OceanStore is an Internet-scale, persistent data store designed for incremental scalability, secure sharing, and long-term durability. Pond is the OceanStore prototype; it contains many of the features of a complete system including location-independent routing, Byzantine update commitment, push-based update of cached copies through an overlay multicast network, and continuous archiving to erasure-coded form. In the wide area, Pond outperforms NFS by up to a factor of 4.6 on readintensive phases of the Andrew benchmark, but underperforms NFS by as much as a factor of 7.3 on writeintensive phases. Microbenchmarks show that write performance is limited by the speed of erasure coding and threshold signature generation, two important areas of future research. Further microbenchmarks show that Pond manages replica consistency in a bandwidth-efficient manner and quantify the latency cost imposed by this bandwidth savings.

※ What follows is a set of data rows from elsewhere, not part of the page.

Lemma valid_shift_left : valid n w T shift_left.
Proof.
have hS := block_start_pos; have /andP[hrs hsn] := block_bounds.
case: sig_valid => hv hT; rewrite /shift_left /shift_block; split; last first.
  by move=> hn; have := hT hn; case: ifP => _; lia.
move=> i hi; have := hv i hi.
case: ifP => hin; case: ifP => hin1.
- by have := block_start_le (i := i) ltac:(lia); lia.
- by lia.
- have e : r = i.+1 by lia.
  by have := block_gap_before ltac:(lia); rewrite e /=; lia.
- by [].
Qed.

Lemma valid_shift_right : valid n w T shift_right.
Proof.
have hE := block_end_lt_horizon; have /andP[hrs hsn] := block_bounds.
case: sig_valid => hv hT; rewrite /shift_right /shift_block; split; last first.
  move=> hn; have := hT hn; case: ifP => // hin.
  by rewrite (_ : n.-1 = s); [lia|have := block_gap_after; lia].
move=> i hi; have := hv i hi.
case: ifP => hin; case: ifP => hin1.
- by lia.
- by have := block_gap_after; rewrite (_ : s = i); lia.
- by lia.
- by [].
Qed.

Lemma active_shift_left :
  active n w shift_left =1
  set_at (set_at (active n w sig) (sig r).-1 true) (sig s + w s).-1 false.
Proof.
have hS := block_start_pos; have hSE := block_start_lt_end.
have /andP[hrs _] := block_bounds.
have hSs := block_start_le (i := s) ltac:(lia).
have pred_add x y : sig r <= x -> (x + y).-1 = x.-1 + y by lia.
move=> t; rewrite /shift_left.
rewrite (active_shift_block _ block_contiguous block_bounds pred_add).
rewrite /set_at; case: eqP => [->|hE]; last case: eqP => [->|hS'].
- by rewrite covered_outside_block; lia.
- by rewrite covered_outside_block; lia.
rewrite (active_contiguous _ block_contiguous block_bounds).
by congr (_ || _); move/eqP: hE; move/eqP: hS'; lia.
Qed.
(* Let $n$ be a positive integer and let $G$ be a symmetric pure $(2n)$-sparse gapset of genus $3n+1$ with multiplicity $m$. Then $m+1\in G$.
   Context: A gapset is a finite set $G\subset\mathbb{N}=\{1,2,\dots\}$ such that whenever $z\in G$ and $z=x+y$ with $x,y\in\mathbb{N}$, then $x\in G$ or $y\in G$; its genus is $g=\#G$. Writing $G=\{\ell_1<\dots<\ell_g\}$, multiplicity $m(G)=\min\{s\in\mathbb{N}:s\notin G\}$, Frobenius number $F(G)=\ell_g$; $G$ is symmetric if $F(G)=2g-1$. $G$ is pure $\kappa$-sparse if $\ell_{i+1}-\ell_i\le\kappa$ for all $i$ with equality for some $i$. *)

From mathcomp Require Import all_boot.
Set Implicit Arguments. Unset Strict Implicit. Unset Printing Implicit Defensive.

(* A finite set G of positive integers is represented by a sequence of nats
   (duplicates and order irrelevant; only membership matters). *)

Definition is_gapset (G : seq nat) : Prop :=
  (forall z, z \in G -> 0 < z) /\
  (forall x y, 0 < x -> 0 < y -> x + y \in G -> (x \in G) || (y \in G)).

Definition gapseq (G : seq nat) : seq nat := sort leq (undup G).

Definition genus (G : seq nat) : nat := size (undup G).

Definition multiplicity (G : seq nat) : nat :=
  head 0 [seq s <- iota 1 (size (undup G)).+1 | s \notin G].

(* Frobenius number F(G) = l_g (largest element; 0 if G is empty) *)
Definition frobenius (G : seq nat) : nat := \max_(x <- G) x.

Definition symmetric_gapset (G : seq nat) : Prop := frobenius G = 2 * genus G - 1.

Definition pure_sparse (kappa : nat) (G : seq nat) : Prop :=
  let l := gapseq G in
  (forall i, i.+1 < size l -> nth 0 l i.+1 - nth 0 l i <= kappa) /\
  (exists i, i.+1 < size l /\ nth 0 l i.+1 - nth 0 l i = kappa).

From mathcomp Require Import all_boot.
From mathcomp Require Import zify.

(* Let m be the multiplicity and F the Frobenius number.  In a gapset two
   consecutive gaps are at most m apart (otherwise subtracting m from the
   upper one gives a non-gap between them, and non-gaps are closed under
   addition), so pure 2n-sparseness forces m >= 2n.  Symmetry means that for
   0 < x < F exactly one of x, F - x is a gap: at least one is, since their sum
   F is, and the g - 1 gaps below F are spread over only g - 1 such pairs.
   For the gap a preceding F, F - a <= 2n is thus a non-gap, so m <= 2n.
   Hence m = 2n and F = 2g - 1 = m + m + (m + 1), which would be a non-gap
   if m + 1 were one. *)

Section Gapset.

Set Implicit Arguments.
Unset Strict Implicit.

Lemma head_filter_iota (P : pred nat) a k : has P (iota a k) ->
  let h := head 0 [seq x <- iota a k | P x] in
  [/\ P h, a <= h < a + k & forall j, a <= j < h -> ~~ P j].
Proof.
elim: k a => [//|k IHk] a /=.
case Pa: (P a) => /=; first by move=> _; split=> // [|j]; lia.
move=> /IHk /= [Ph le_h min_h]; split=> // [|j lt_j]; first lia.
have [->|ne_ja] := eqVneq j a; first by rewrite Pa.
by apply: min_h; lia.
Qed.

Lemma count_iota_reflect (P : pred nat) k :
  count (fun y => P (k - y)) (iota 1 k.-1) = count P (iota 1 k.-1).
Proof.
rewrite -(count_map (subn k)); apply/permP; apply: uniq_perm.
- by rewrite map_inj_in_uniq ?iota_uniq // => a b; rewrite !mem_iota; lia.
- exact: iota_uniq.
move=> y; apply/mapP/idP => [[z] | ]; rewrite !mem_iota; first lia.
by move=> y_s; exists (k - y); rewrite ?mem_iota; lia.
Qed.

Variable G : seq nat.

Lemma frobenius_max x : x \in G -> x <= frobenius G.
Proof. by move=> xG; apply: (leq_bigmax_seq (F := id)). Qed.

Lemma frobenius_mem : G != [::] -> frobenius G \in G.
Proof.
rewrite /frobenius; elim: G => [//|y s IHs] _; rewrite big_cons.
case: s IHs => [|z s] IHs; first by rewrite big_nil maxn0 mem_head.
have {IHs} : \max_(x <- z :: s) x \in z :: s by exact: IHs.
rewrite /maxn; case: ltnP => _ max_s; last exact: mem_head.
by rewrite in_cons max_s orbT.
Qed.

Lemma multiplicityP : let m := multiplicity G in
  [/\ 0 < m, m \notin G & forall j, 0 < j < m -> j \in G].
Proof.
have : has (fun s => s \notin G) (iota 1 (genus G).+1).
  apply/negPn/negP => /hasPn all_in.
  have : size (iota 1 (genus G).+1) <= size (undup G).
    apply: uniq_leq_size (iota_uniq _ _) _ => x /all_in.
    by rewrite negbK mem_undup.
  by rewrite size_iota ltnn.
move=> /head_filter_iota /=; rewrite /multiplicity -/(genus G).
set m := head 0 _ => -[m_gap le_m min_m]; split=> // [|j lt_j]; first lia.
by apply/negPn/min_m.
Qed.

Lemma genus_count k : {in G, forall x, 0 < x <= k} ->
  genus G = count (mem G) (iota 1 k).
Proof.
move=> G_range; rewrite /genus -size_filter; apply: perm_size.
apply: uniq_perm; [exact: undup_uniq | exact/filter_uniq/iota_uniq |] => x.
rewrite mem_undup mem_filter mem_iota /=.
by case xG: (x \in G) => //=; have := G_range x xG; lia.
Qed.

Lemma mem_gapseq x : (x \in gapseq G) = (x \in G).
Proof. by rewrite mem_sort mem_undup. Qed.

Lemma size_gapseq : size (gapseq G) = genus G.
Proof. exact: size_sort. Qed.

Lemma nth_gapseq_mem i : i < genus G -> nth 0 (gapseq G) i \in G.
Proof. by move=> lt_i; rewrite -mem_gapseq mem_nth ?size_gapseq. Qed.

Lemma ltn_nth_gapseq i j : i < j -> j < genus G ->
  nth 0 (gapseq G) i < nth 0 (gapseq G) j.
Proof.
have sorted_l : sorted ltn (gapseq G).
  by rewrite ltn_sorted_uniq_leq sort_uniq undup_uniq (sort_sorted leq_total).
move=> lt_ij lt_j; apply: (sorted_ltn_nth ltn_trans) => //;
  rewrite inE size_gapseq //; exact: ltn_trans lt_j.
Qed.

Lemma leq_nth_gapseq i j : i <= j -> j < genus G ->
  nth 0 (gapseq G) i <= nth 0 (gapseq G) j.
Proof.
rewrite leq_eqVlt => /predU1P[-> // | lt_ij] lt_j.
exact/ltnW/ltn_nth_gapseq.
Qed.

Lemma gapseq_between i x : i.+1 < genus G ->
  nth 0 (gapseq G) i < x < nth 0 (gapseq G) i.+1 -> x \notin G.
Proof.
move=> lt_i lt_x; apply/negP; rewrite -mem_gapseq => xl.
have lt_k : index x (gapseq G) < genus G by rewrite -size_gapseq index_mem.
have nth_k := nth_index 0 xl.
case: (leqP (index x (gapseq G)) i) => [le_ki | lt_ik].
  by have := leq_nth_gapseq le_ki (ltnW lt_i); rewrite nth_k; lia.
by have := leq_nth_gapseq lt_ik lt_k; rewrite nth_k; lia.
Qed.

Lemma gapseq_last : 0 < genus G ->
  nth 0 (gapseq G) (genus G).-1 = frobenius G.
Proof.
move=> g_gt0; have FG : frobenius G \in G.
  by apply: frobenius_mem; apply: contraTneq g_gt0 => ->.
have Fl : frobenius G \in gapseq G by rewrite mem_gapseq.
have nth_k := nth_index 0 Fl; set k := index _ _ in nth_k.
have le_k : k <= (genus G).-1.
  by have := index_mem (frobenius G) (gapseq G); rewrite Fl size_gapseq; lia.
have lt_g : (genus G).-1 < genus G by rewrite ltn_predL.
apply/eqP; rewrite eqn_leq frobenius_max ?nth_gapseq_mem //=.
by rewrite -{1}nth_k leq_nth_gapseq.
Qed.

Hypothesis gapsetG : is_gapset G.

Lemma gapset_gt0 x : x \in G -> 0 < x.
Proof. exact: gapsetG.1. Qed.

Lemma gapset_addn_notin x y : 0 < x -> 0 < y ->
  x \notin G -> y \notin G -> x + y \notin G.
Proof.
move=> x_gt0 y_gt0 xG yG; apply/negP => /(gapsetG.2 x y x_gt0 y_gt0).
by rewrite (negbTE xG) (negbTE yG).
Qed.

Lemma frobenius_subn_notin x : symmetric_gapset G ->
  x \in G -> x < frobenius G -> frobenius G - x \notin G.
Proof.
move=> symG xG lt_xF; set F := frobenius G.
have FG : F \in G by apply: frobenius_mem; apply: contraTneq xG => ->.
set s := iota 1 F.-1; set P := fun y => F - y \in G.
have genus_s : genus G = (count (mem G) s).+1.
  have iotaF : iota 1 F = s ++ [:: F].
    by rewrite -{1}(_ : F.-1 + 1 = F) ?iotaD; [congr (_ ++ [:: _]) | ]; lia.
  rewrite (@genus_count F) ?iotaF ?count_cat /= ?FG ?addn1 // => y yG.
  by rewrite gapset_gt0 ?frobenius_max.
have cover_s : count (predU (mem G) P) s = size s.
  apply/eqP; rewrite -all_count; apply/allP => y; rewrite mem_iota => y_s.
  by apply: gapsetG.2; rewrite ?subnKC //; lia.
apply/negP => FxG.
have : 0 < count (predI (mem G) P) s.
  rewrite -has_count; apply/hasP; exists x; last exact/andP.
  by rewrite mem_iota; have := gapset_gt0 xG; lia.
have := count_predUI (mem G) P s.
rewrite cover_s count_iota_reflect size_iota.
rewrite /symmetric_gapset -/F in symG.
(* The counts occur with different elaborations of their predicates; naming
   them lets lia identify the occurrences. *)
set c := count (mem G) s in genus_s *; set d := count (predI _ _) s; lia.
Qed.

Lemma gapseq_step_le_multiplicity i : i.+1 < genus G ->
  nth 0 (gapseq G) i.+1 - nth 0 (gapseq G) i <= multiplicity G.
Proof.
move=> lt_i; have [m_gt0 m_gap _] := multiplicityP.
have := ltn_nth_gapseq (ltnSn i) lt_i; have := nth_gapseq_mem lt_i.
set a := nth 0 _ i; set b := nth 0 _ i.+1; set m := multiplicity G => bG lt_ab.
rewrite leqNgt; apply/negP => lt_m.
have bm_gap : b - m \notin G by apply: (gapseq_between lt_i); lia.
have := gapset_addn_notin (_ : 0 < b - m) m_gt0 bm_gap m_gap.
by rewrite subnK ?bG //; lia.
Qed.

Lemma multiplicity_le_last_step : symmetric_gapset G -> 1 < genus G ->
  multiplicity G <= frobenius G - nth 0 (gapseq G) (genus G).-2.
Proof.
move=> symG g_gt1; have [_ _ m_min] := multiplicityP.
have aG : nth 0 (gapseq G) (genus G).-2 \in G by apply: nth_gapseq_mem; lia.
have lt_aF : nth 0 (gapseq G) (genus G).-2 < frobenius G.
  by rewrite -gapseq_last; [apply: ltn_nth_gapseq | ]; lia.
apply: contraLR (frobenius_subn_notin symG aG lt_aF).
by rewrite -ltnNge negbK => lt_m; apply: m_min; lia.
Qed.

Lemma multiplicity_pure_sparse_symmetric k : symmetric_gapset G ->
  pure_sparse k G -> 1 < genus G -> multiplicity G = k.
Proof.
move=> symG [steps_le [i [lt_i step_i]]] g_gt1.
apply/eqP; rewrite eqn_leq; apply/andP; split.
  apply: leq_trans (multiplicity_le_last_step symG g_gt1) _.
  rewrite -gapseq_last; last lia.
  have -> : (genus G).-1 = (genus G).-2.+1 by lia.
  by apply: steps_le; rewrite size_gapseq; lia.
by rewrite -step_i gapseq_step_le_multiplicity // -size_gapseq.
Qed.

Lemma multiplicity_succ_notin :
  (multiplicity G).+1 \notin G -> (3 * multiplicity G).+1 \notin G.
Proof.
have [m_gt0 m_gap _] := multiplicityP; set m := multiplicity G => m1_gap.
have -> : (3 * m).+1 = m + (m + m.+1) by lia.
apply: (gapset_addn_notin m_gt0 _ m_gap); first lia.
exact: (gapset_addn_notin m_gt0 (ltn0Sn m) m_gap m1_gap).
Qed.

End Gapset.

Theorem mainTheorem10 (n : nat) (G : seq nat) :
  0 < n ->
  is_gapset G ->
  symmetric_gapset G ->
  pure_sparse (2 * n) G ->
  genus G = 3 * n + 1 ->
  (multiplicity G).+1 \in G.
Proof.
move=> n_gt0 gapsetG symG sparseG genusG.
have m_eq : multiplicity G = 2 * n.
  by apply: multiplicity_pure_sparse_symmetric; rewrite ?genusG //; lia.
have FG : frobenius G \in G.
  apply: frobenius_mem; apply/eqP => G0.
  by move: genusG; rewrite G0 /genus /=; lia.
have F_eq : frobenius G = (3 * multiplicity G).+1.
  by rewrite symG genusG m_eq; lia.
by apply: contraLR FG; rewrite F_eq; exact: multiplicity_succ_notin.
Qed.
(* There is a $\mathsf{conv}$-MAD family, i.e. a MAD family $\mathcal{A}$ on $\omega$ such that $\mathcal{I}(\mathcal{A})\not\leq_K\mathsf{conv}$.
   Context: A MAD family is a maximal family of infinite subsets of $\omega$ with pairwise finite intersections; $\mathcal{I}(\mathcal{A})$ is the ideal on $\omega$ generated by $\mathcal{A}$ and the finite sets. $\mathsf{conv}$ is the ideal on $[0,1]\cap\mathbb{Q}$ generated by all sequences (of rationals in $[0,1]$) converging to a real number. For an ideal $\mathcal{I}$ on $X$ and $\mathcal{J}$ on $Y$ ($X,Y$ countable), $\mathcal{I}\le_K\mathcal{J}$ means there is $f:Y\to X$ with $f^{-1}(A)\in\mathcal{J}$ for all $A\in\mathcal{I}$. *)

From HB Require Import structures.
From mathcomp Require Import all_boot all_order all_algebra.
From mathcomp Require Import all_classical all_reals all_analysis.
From mathcomp Require Import Rstruct Rstruct_topology.
Set Implicit Arguments. Unset Strict Implicit. Unset Printing Implicit Defensive.
Import Order.TTheory GRing.Theory Num.Theory.
Local Open Scope classical_set_scope.
Local Open Scope ring_scope.

Definition ad_family (A : set (set nat)) : Prop :=
  (forall a, A a -> infinite_set a) /\
  (forall a b, A a -> A b -> a <> b -> finite_set (a `&` b)).

Definition MAD (A : set (set nat)) : Prop :=
  ad_family A /\ infinite_set A /\
  (forall A' : set (set nat), A `<=` A' -> ad_family A' -> A' = A).

(* I(A): the ideal generated by A and the finite sets:
   X is covered, up to a finite set, by finitely many members of A. *)
Definition ideal_of (A : set (set nat)) (X : set nat) : Prop :=
  exists (n : nat) (As : nat -> set nat),
    (forall i, (i < n)%N -> A (As i)) /\
    finite_set (X `\` \bigcup_(i in [set i | (i < n)%N]) As i).

Definition Q01 := {q : rat | (0 <= q <= 1)%R}.

Definition conv_seq (s : nat -> Q01) : Prop :=
  exists x : Rdefinitions.R, (fun n => (ratr (sval (s n)) : Rdefinitions.R)) @ \oo --> x.

(* conv: the ideal on Q01 generated by (ranges of) convergent sequences:
   X is contained in the union of the ranges of finitely many of them. *)
Definition conv (X : set Q01) : Prop :=
  exists (n : nat) (ss : nat -> nat -> Q01),
    (forall i, (i < n)%N -> conv_seq (ss i)) /\
    X `<=` \bigcup_(i in [set i | (i < n)%N]) range (ss i).

Definition katetov_le {X Y : Type} (I : set X -> Prop) (J : set Y -> Prop) : Prop :=
  exists f : Y -> X, forall A : set X, I A -> J (f @^-1` A).

(** If [X] is in [conv], then [f @^-1` X] has only finitely many real
    accumulation points.  A function [f : Q01 -> nat] is no Katetov reduction
    of [I(A)] to [conv] as soon as some fiber of [f], or the preimage of some
    member of [A], is not in [conv].  Otherwise choose an injective sequence
    [x k -> y] at which none of these preimages accumulates, and rationals
    [q k j] in shells around [x k] of radius [2^-(k+j+2)]: the set [a] of the
    values [f (q k j)] is almost disjoint from [A], and [f @^-1` a] accumulates
    at every [x k], so [a] blocks [f].  Doing this along a well-order of all [f]
    and extending to a MAD family proves the theorem.

    At each stage every earlier stage contributes countably many points to
    avoid.  Instead of CH we run the recursion along the least initial segment
    that is not [small]: continuum many pairwise disjoint convergent sequences,
    taken from the Cantor set, show that a non-small segment times [nat] maps
    onto [Q01 -> nat]. *)

From mathcomp Require Import all_boot all_order all_algebra.
From mathcomp Require Import all_classical all_reals all_analysis.
From mathcomp Require Import Rstruct Rstruct_topology lra wochoice.
Set Implicit Arguments. Unset Strict Implicit. Unset Printing Implicit Defensive.
Import Order.TTheory GRing.Theory Num.Theory.
Local Open Scope classical_set_scope.
Local Open Scope ring_scope.
(* A cocharacter lambda of T(d) is l : wt d -> int, <lambda, beta^i_a> = l (i,a).
   <lambda, det(R(d)^vee)^{lambda>0}>: weights of R(d)^vee on the summand
   Hom(V^i,V^j) of the edge e : i -> j are beta^i_a - beta^j_b. *)
Definition nR (I E : finType) (src tgt : E -> I) (d : {ffun I -> nat})
    (l : wt d -> int) : int :=
  \sum_(e : E) \sum_(a : 'I_(d (src e))) \sum_(b : 'I_(d (tgt e)))
     posz (l (wk a) - l (wk b)).

(* <lambda, det(g(d)^vee)^{lambda>0}>: weights beta^i_a - beta^i_b. *)
Definition ng (I : finType) (d : {ffun I -> nat}) (l : wt d -> int) : int :=
  \sum_(i : I) \sum_(a : 'I_(d i)) \sum_(b : 'I_(d i))
     posz (l (wk a) - l (wk b)).

Definition n_lambda (I E : finType) (src tgt : E -> I) (d : {ffun I -> nat})
    (l : wt d -> int) : int :=
  nR src tgt l - ng l.

Definition pairing (R : realType) (I : finType) (d : {ffun I -> nat})
    (l : wt d -> int) (delta : wt d -> R) : R :=
  \sum_(k : wt d) (l k)%:~R * delta k.

Definition W_invariant (R : realType) (I : finType) (d : {ffun I -> nat})
    (delta : wt d -> R) : Prop :=
  forall (s : forall i : I, {perm 'I_(d i)}) (i : I) (a : 'I_(d i)),
    delta (wk (s i a)) = delta (wk a).

Definition is_partition (I : finType) (d : {ffun I -> nat})
    (p : seq {ffun I -> nat}) : Prop :=
  (forall x, x \in p -> exists i, x i <> 0%N) /\
  (forall i, (\sum_(x <- p) x i)%N = d i).

(* the partition associated to lambda: the distinct values of
   <lambda, beta^i_a>, listed in decreasing order; the j-th one occurs
   d_j^i times among the beta^i_a. *)
Definition assoc_partition (I : finType) (d : {ffun I -> nat})
    (l : wt d -> int) : seq {ffun I -> nat} :=
  [seq [ffun i => #|[pred a : 'I_(d i) | l (wk a) == v]|]
     | v <- sort (fun x y : int => y <= x) (undup [seq l k | k <- enum (wt d)])].

Definition in_S (R : realType) (I E : finType) (src tgt : E -> I)
    (d : {ffun I -> nat}) (delta : wt d -> R) (p : seq {ffun I -> nat}) : Prop :=
  forall l : wt d -> int, assoc_partition l = p ->
    ((n_lambda src tgt l)%:~R / 2 + pairing l delta) \is a Num.int.

From HB Require Import structures.
From mathcomp Require Import all_boot all_order all_algebra.
From mathcomp Require Import reals intdiv zify ring.
Set Implicit Arguments. Unset Strict Implicit. Unset Printing Implicit Defensive.
Import Order.TTheory GRing.Theory Num.Theory.
Local Open Scope ring_scope.
Lemma irr_tens_phi_equiv (P : 'M[C]_(m.+1, 2 * m.+2)) :
  P \is unitarymx -> (P :=: phi)%MS ->
  exists2 Q, Q \in unitmx & intertwiner D (subrep (tens_rep F A) P) Q.
Proof.
move=> Pu eqPphi.
have /eqP rank_phi := irr_intertwiner_row_free irrD phi_intw phi_neq0.
have phiK : phi *m P^t* *m P = phi by apply: unitary_projK => //; rewrite eqPphi.
exists (phi *m P^t*).
  rewrite -row_full_unit /row_full eqn_leq rank_leq_col.
  by rewrite -{1}rank_phi -{1}phiK mxrankM_maxl.
by move=> g; rewrite /subrep mulmxA phi_intw !mulmxA phiK.
Qed.

End TensorDecomposition.

Lemma tens_decomposition m (F : G -> 'M[C]_2) (A : G -> 'M[C]_m.+2)
    (D : G -> 'M[C]_m.+1) :
  (forall k, (k <= m)%N -> clebsch_gordan k) -> irr F -> irr A -> irr D ->
  let T := tens_rep F A in
  exists (P1 : 'M[C]_(m.+1, 2 * m.+2)) (P2 : 'M[C]_(m.+3, 2 * m.+2)),
  [/\ P1^t* *m P1 + P2^t* *m P2 = 1%:M, P1 \is unitarymx, P2 \is unitarymx,
      invariant T P1 & invariant T P2] /\
  irr (subrep T P2) /\
  exists2 Q, Q \in unitmx & intertwiner D (subrep T P1) Q.
Proof.
move=> cg_le irrF irrA irrD T.
have [phi phin0 Hphi] := tens_intertwiner_exists (cg_le m (leqnn m)) irrF irrD irrA.
have [_ Tu _] : urep T.
  by case: irrF => ? _ _; case: irrA => ? _ _; apply: tens_urep.
have [r1 [r2 [P1 [P2 [er1 er12 P1u P2u [split1 eqP1 eqP2]]]]]] :=
  unitary_splitting phi.
move: er1 er12; rewrite (eqP (irr_intertwiner_row_free irrD Hphi phin0)).
move=> er1 er12; subst r1.
have er2 : r2 = m.+3 by lia.
subst r2; exists P1, P2; split; [split=> // | split].
- exact: eqmx_invariant (eqmx_sym eqP1) (intertwiner_img Hphi).
- exact: eqmx_invariant (eqmx_sym eqP2) (invariant_ortho Tu (intertwiner_img Hphi)).
- exact: (irr_tens_ortho_phi cg_le irrF irrA irrD phin0 Hphi P2u eqP2).
- exact: (irr_tens_phi_equiv irrD phin0 Hphi P1u eqP1).
Qed.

[1]  Ralph C. Merkle,et al.  A Digital Signature Based on a Conventional Encryption Function , 1987, CRYPTO.

[2]  Mahadev Satyanarayanan,et al.  Scale and performance in a distributed file system , 1987, SOSP '87.

[3]  Michael Stonebraker,et al.  The Design of the POSTGRES Storage System , 1988, VLDB.

[4]  Scale and performance in a distributed file system , 1988, TOCS.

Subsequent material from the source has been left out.